In contrast, The MIT (and BSD-3) license is simple most common and highly permissive ("least friction"). It lets anyone use, copy, modify, merge, publish, distribute, sublicense, and sell copies of the software, as long as the original copyright and license notice remain. MIT is well liked for its simplicity and minimal restriction, making it a go-to for developers who want the broadest adoption with the least friction. Importantly, MIT-licensed code can be re-used in both open and closed source projects. For maximally broad reuse, minimal restrictions, and commercial friendliness, MIT is generally preferred.

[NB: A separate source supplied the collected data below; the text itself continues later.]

Lemma approximable_step x c k : approximable x -> approximable (vadd x (vscal c (w k))).
Proof.
  intros H eps He. destruct (H (eps / 2) ltac:(lra)) as [n0 Hn0].
  pose proof (vnorm_nonneg X (w k)) as Hw.
  destruct (ratn_dense c (eps / 2 / (vnorm (w k) + 1))) as [z Hz].
  { apply Rdiv_lt_0_compat; lra. }
  destruct (Cantor.of_nat n0) as [L m] eqn:E.
  exists (Cantor.to_nat (S L, Cantor.to_nat (m, Cantor.to_nat (k, z)))).
  unfold rat_comb at 1. rewrite Cantor.cancel_of_to. cbn [lev]. rewrite !Cantor.cancel_of_to.
  unfold rat_comb in Hn0. rewrite E in Hn0.
  replace (vsub (vadd x (vscal c (w k))) (vadd (lev L m) (vscal (ratn z) (w k))))
    with (vadd (vsub x (lev L m)) (vscal (c - ratn z) (w k))) by vring.
  eapply Rle_lt_trans. apply vnorm_triangle. rewrite vnorm_scal, Rabs_minus_sym.
  assert (Ee : eps / 2 / (vnorm (w k) + 1) * (vnorm (w k) + 1) = eps / 2) by (field; lra).
  assert (Rabs (ratn z - c) * vnorm (w k) <= eps / 2 / (vnorm (w k) + 1) * vnorm (w k)).
  { apply Rmult_le_compat_r; lra. }
  assert (0 < eps / 2 / (vnorm (w k) + 1)) by (apply Rdiv_lt_0_compat; lra).
  nra.
Qed.

Lemma separable_of_approximable :
  (forall x eps, eps > 0 -> exists a, approximable a /\ vnorm (vsub x a) < eps) -> separable X.
Proof.
  intros H. exists rat_comb. intros x eps He.
  destruct (H x (eps / 2) ltac:(lra)) as [a [Ha Hxa]].
  destruct (Ha (eps / 2) ltac:(lra)) as [n Hn]. exists n.
  eapply Rle_lt_trans. apply (vnorm_sub_tri X x a). lra.
Qed.

End RationalSpan.

(** a space with an FDD is separable: the partial sums of its elements are finite
   combinations of the countably many spanning vectors of the ranges of the Q_j *)
Lemma FDD_separable (X : NormedSpace) (Q : nat -> X -> X) : is_FDD X Q -> separable X.
Proof.
  intros [HQ [_ [_ Hconv]]].
  assert (Hc : forall j, exists (mv : nat * (nat -> X)), forall x, exists c : nat -> R,
     Q j x = vsum (fun i => vscal (c i) (snd mv i)) (fst mv)).
  { intros j. destruct (HQ j) as [_ [_ [m [v Hv]]]]. now exists (m, v). }
  apply choice in Hc. destruct Hc as [mv Hmv].
  set (w := fun k => let (j, i) := Cantor.of_nat k in snd (mv j) i).
  assert (Hlc : forall j x c m, approximable X w x ->
            approximable X w (vadd x (vsum (fun i => vscal (c i) (snd (mv j) i)) m))).
  { intros j x c m Hx. induction m; simpl. { now rewrite vadd_0r. }
    replace (snd (mv j) m) with (w (Cantor.to_nat (j, m)))
      by (unfold w; now rewrite Cantor.cancel_of_to).
    rewrite vadd_assoc. now apply approximable_step. }
  assert (HP : forall y N, approximable X w (psum X Q N y)).
  { intros y N. induction N. { apply approximable_zero. }
    unfold psum; simpl. destruct (Hmv N y) as [c ->]. now apply Hlc. }
  apply (separable_of_approximable X w). intros x eps He.
  destruct (Hconv x eps He) as [N HN]. exists (psum X Q N x). split; auto.
  rewrite vnorm_sub_sym. apply HN. lia.
Qed.
(** ** Part (ii): quotients

  Composing with the quotient map q identifies (Y/Z)^* isometrically with functionals on Y
  vanishing on Z; weak^*-null sequences stay weak^*-null, so (au^* ) passes to Y/Z. *)

Section Quotient.
Variables (Y : NormedSpace) (Z : Y -> Prop) (Q : NormedSpace) (q : Y -> Q).
Hypothesis Hq : is_quotient_map Y Z Q q.

Lemma quotient_sub x y : q (vsub x y) = vsub (q x) (q y).
Proof. destruct Hq as [Ha [Hs _]]. unfold vsub. rewrite Ha, !vopp_scal, Hs. auto. Qed.

Lemma quotient_norm_le y : vnorm (q y) <= vnorm y.
Proof.
  destruct Hq as [_ [Hs [_ [Hk [Hn _]]]]].
  assert (Z vzero) by (apply Hk; rewrite <- (vscal_0 Y vzero), Hs; apply vscal_0).
  specialize (Hn y vzero H). now rewrite vadd_0r in Hn.
Qed.

Lemma quotient_dual (f : Q -> R) : dual_elem f -> dual_elem (fun y => f (q y)).
Proof.
  intros Hf. destruct Hq as [Ha [Hs _]]. split; [split|].
  - intros. rewrite Ha. apply lf_add, Hf.
  - intros. rewrite Hs. apply lf_scal, Hf.
  - exists (dnorm f). intros y. eapply Rle_trans. apply dnorm_bound; auto.
    apply Rmult_le_compat_l. now apply dnorm_nonneg. apply quotient_norm_le.
Qed.
(* For the hypergeometric weights described in the context, \[ (\vartheta H)H^{-1}=\alpha,\qquad -\phi=(\Lambda^\top)^2\gamma+\Lambda^\top\beta,\qquad -\tilde\phi=\Lambda^\top(\mathfrak a_-H)H^{-1}. \]
   Context: Weights on $\mathbb N_0$: $w^{(a)}(k)=\frac{(b^{(a)}_1)_k\cdots(b^{(a)}_{M^{(a)}})_k}{(c_1)_k\cdots(c_N)_k}\frac{(\eta^{(a)})^k}{k!}$, $a\in\{1,2\}$, convergent series. Moment matrix (indices from 0): $\mathscr M_{n,2m}=\sum_k k^{n+m}w^{(1)}(k)$, $\mathscr M_{n,2m+1}=\sum_k k^{n+m}w^{(2)}(k)$, with all leading principal minors nonzero, so $\mathscr M=S^{-1}H\tilde S^{-\top}$ ($S,\tilde S$ lower unitriangular, $H=\operatorname{diag}(H_0,H_1,\dots)$), depending on $(\eta^{(1)},\eta^{(2)})$. $\Lambda$ has ones on the first superdiagonal; $S\Lambda S^{-1}=(\Lambda^\top)^2\gamma+\Lambda^\top\beta+\alpha+\Lambda$ with diagonal $\alpha,\beta,\gamma$. $\vartheta^{(a)}=\eta^{(a)}\partial/\partial\eta^{(a)}$, $\vartheta=\vartheta^{(1)}+\vartheta^{(2)}$, $\phi=(\vartheta S)S^{-1}$, $\tilde\phi=(\vartheta\tilde S)\tilde S^{-1}$. $\mathfrak a_-\operatorname{diag}(m_0,m_1,\dots)=\operatorname{diag}(m_1,m_2,\dots)$. *)

From Stdlib Require Import Reals.
From Coquelicot Require Import Coquelicot.
From mathcomp Require Import all_boot all_algebra.
From mathcomp Require Import Rstruct.

Open Scope R_scope.

Fixpoint poch (b : R) (k : nat) : R :=
  match k with O => 1 | S k' => poch b k' * (b + INR k') end.

Fixpoint prodR (l : list R) : R :=
  match l with nil => 1 | cons x l' => x * prodR l' end.

Definition hweight (bs cs : list R) (eta : R) (k : nat) : R :=
  prodR (List.map (fun b => poch b k) bs) / prodR (List.map (fun c => poch c k) cs)
  * eta ^ k / INR (Factorial.fact k).

Fixpoint sumR (n : nat) (f : nat -> R) : R :=
  match n with O => 0 | S n' => sumR n' f + f n' end.

(* Semi-infinite matrices, indices from 0. *)
Definition mat := nat -> nat -> R.

(* Product A B, valid (a genuine finite sum) whenever A i k = 0 for k > i+1,
   which is the case for every left factor used below (lower triangular
   matrices, diagonal matrices, Lambda, Lambda^T, S Lambda). *)
Definition mmul (A B : mat) : mat :=
  fun i j => sumR (S (S i)) (fun k => A i k * B k j).
Definition madd (A B : mat) : mat := fun i j => A i j + B i j.
Definition mopp (A : mat) : mat := fun i j => - A i j.
Definition mid : mat := fun i j => if Nat.eqb i j then 1 else 0.
Definition diagm (d : nat -> R) : mat := fun i j => if Nat.eqb i j then d i else 0.
Definition Lam : mat := fun i j => if Nat.eqb j (S i) then 1 else 0.
Definition LamT : mat := fun i j => Lam j i.

Definition lower_unitri (A : mat) : Prop :=
  (forall i j, (i < j)%nat -> A i j = 0) /\ (forall i, A i i = 1).

Definition moment_term (w : nat -> R) (p : nat) : nat -> R :=
  fun k => INR k ^ p * w k.
Definition Mom (b1 b2 cs : list R) (eta : R * R) : mat :=
  fun n j => if Nat.even j
             then Series (moment_term (hweight b1 cs (fst eta)) (n + Nat.div2 j))
             else Series (moment_term (hweight b2 cs (snd eta)) (n + Nat.div2 j)).

Definition trunc (A : mat) (N : nat) : 'M[R]_N :=
  \matrix_(i < N, j < N) A (nat_of_ord i) (nat_of_ord j).

(* Gauss--Borel factorization  M = S^{-1} H St^{-T}, written as
   S M St^T = H (all sums are finite since S, St are lower triangular). *)
Definition gauss_borel (M Sm St : mat) (H : nat -> R) : Prop :=
  forall n m,
    sumR (S n) (fun k => sumR (S m) (fun l => Sm n k * M k l * St m l))
    = (if Nat.eqb n m then H n else 0).

Definition theta_mat (F : R * R -> mat) (eta : R * R) : mat :=
  fun i j => fst eta * Derive (fun x => F (x, snd eta) i j) (fst eta)
           + snd eta * Derive (fun y => F (fst eta, y) i j) (snd eta).
Definition theta_vec (F : R * R -> nat -> R) (eta : R * R) : nat -> R :=
  fun n => fst eta * Derive (fun x => F (x, snd eta) n) (fst eta)
         + snd eta * Derive (fun y => F (fst eta, y) n) (snd eta).

Definition lead_minor (A : mat) (N : nat) : R := (\det (trunc A N))%R.

From Stdlib Require Import Reals.
From Coquelicot Require Import Coquelicot.
From mathcomp Require Import all_boot all_algebra.
From mathcomp Require Import Rstruct.
From Stdlib Require Import Lra Lia FunctionalExtensionality Wf_nat.
From mathcomp Require Import zify.
Open Scope R_scope.

(* Since [theta] multiplies [eta^k] by [k], it raises the row index of the moment
   matrix, [theta M = Lam M], while the shape of the moments gives
   [Lam M = M (Lam^T)^2].  Applying [theta] to [S M St^T = H] yields
     [phi H + J H + H phit^T = theta H],   [J = S Lam S^-1],
   where [phi] and [phit] are strictly lower triangular (logarithmic derivatives of
   unitriangular matrices), [J] is lower Hessenberg with unit superdiagonal, and
   [J H = H St^-T (Lam^T)^2 St^T] has at most two subdiagonals.  The diagonal,
   lower and upper parts of this identity are the three formulas.  The
   differentiability needed to apply [theta] to products comes from solving for
   the entries of [S], [St] and [H] by back substitution; the pivots [H n] are
   nonzero because the leading minors of [M] are. *)

(** * Finite sums and banded matrices *)

Lemma sumR_S n f : sumR (S n) f = sumR n f + f n.
Proof. reflexivity. Qed.

Lemma sumR_ext n f g :
  (forall k, (k < n)%coq_nat -> f k = g k) -> sumR n f = sumR n g.
Proof.
  induction n as [|n IH]; intros Hfg; simpl; [reflexivity|].
  rewrite IH ?Hfg; [reflexivity|lia|intros k Hk; apply Hfg; lia].
Qed.

Lemma sumR_plus n f g : sumR n (fun k => f k + g k) = sumR n f + sumR n g.
Proof. induction n as [|n IH]; simpl; [lra|rewrite IH; lra]. Qed.

Lemma sumR_mult_l n c f : c * sumR n f = sumR n (fun k => c * f k).
Proof. induction n as [|n IH]; simpl; [lra|rewrite -IH; lra]. Qed.

Lemma sumR_mult_r n c f : sumR n f * c = sumR n (fun k => f k * c).
Proof. induction n as [|n IH]; simpl; [lra|rewrite -IH; lra]. Qed.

IIRC, Apache 2.0 is also permissive with an explicit patent grant, and it includes a clause that protects against contributor lawsuits. But I am not so sure about this.
CC0 ("No Rights Reserved") is basically a public domain dedication for the code (rare on CRAN), waiving as many rights as legally possible. ImageJ is not CC0 but public domain. This app became the defacto standard for many doing image analysis. It’s ideal for pure data packages or code that the author wants to be maximally reused without even attribution. However, it is less common for code and may cause confusion, as many open source projects and organizations are more familiar with MIT or GPL. For pure data or works intended to be fully in public domain, CC0 is appropriate.
Other licenses include Apache 2.0, BSD, MPL or even more restrictive proprietary licenses. Each comes with its own nuances, such as patent clauses (Apache) or specific attribution requirements (BSD). CRAN policies generally expect open source licenses, and proprietary licenses are not accepted for public packages.
I have MIT and GPL licensed packages on CRAN, and I am fine with both.
@pangolin thank you for this nice summary.
I hope it is a bit of help for you. Do you have a link to your package?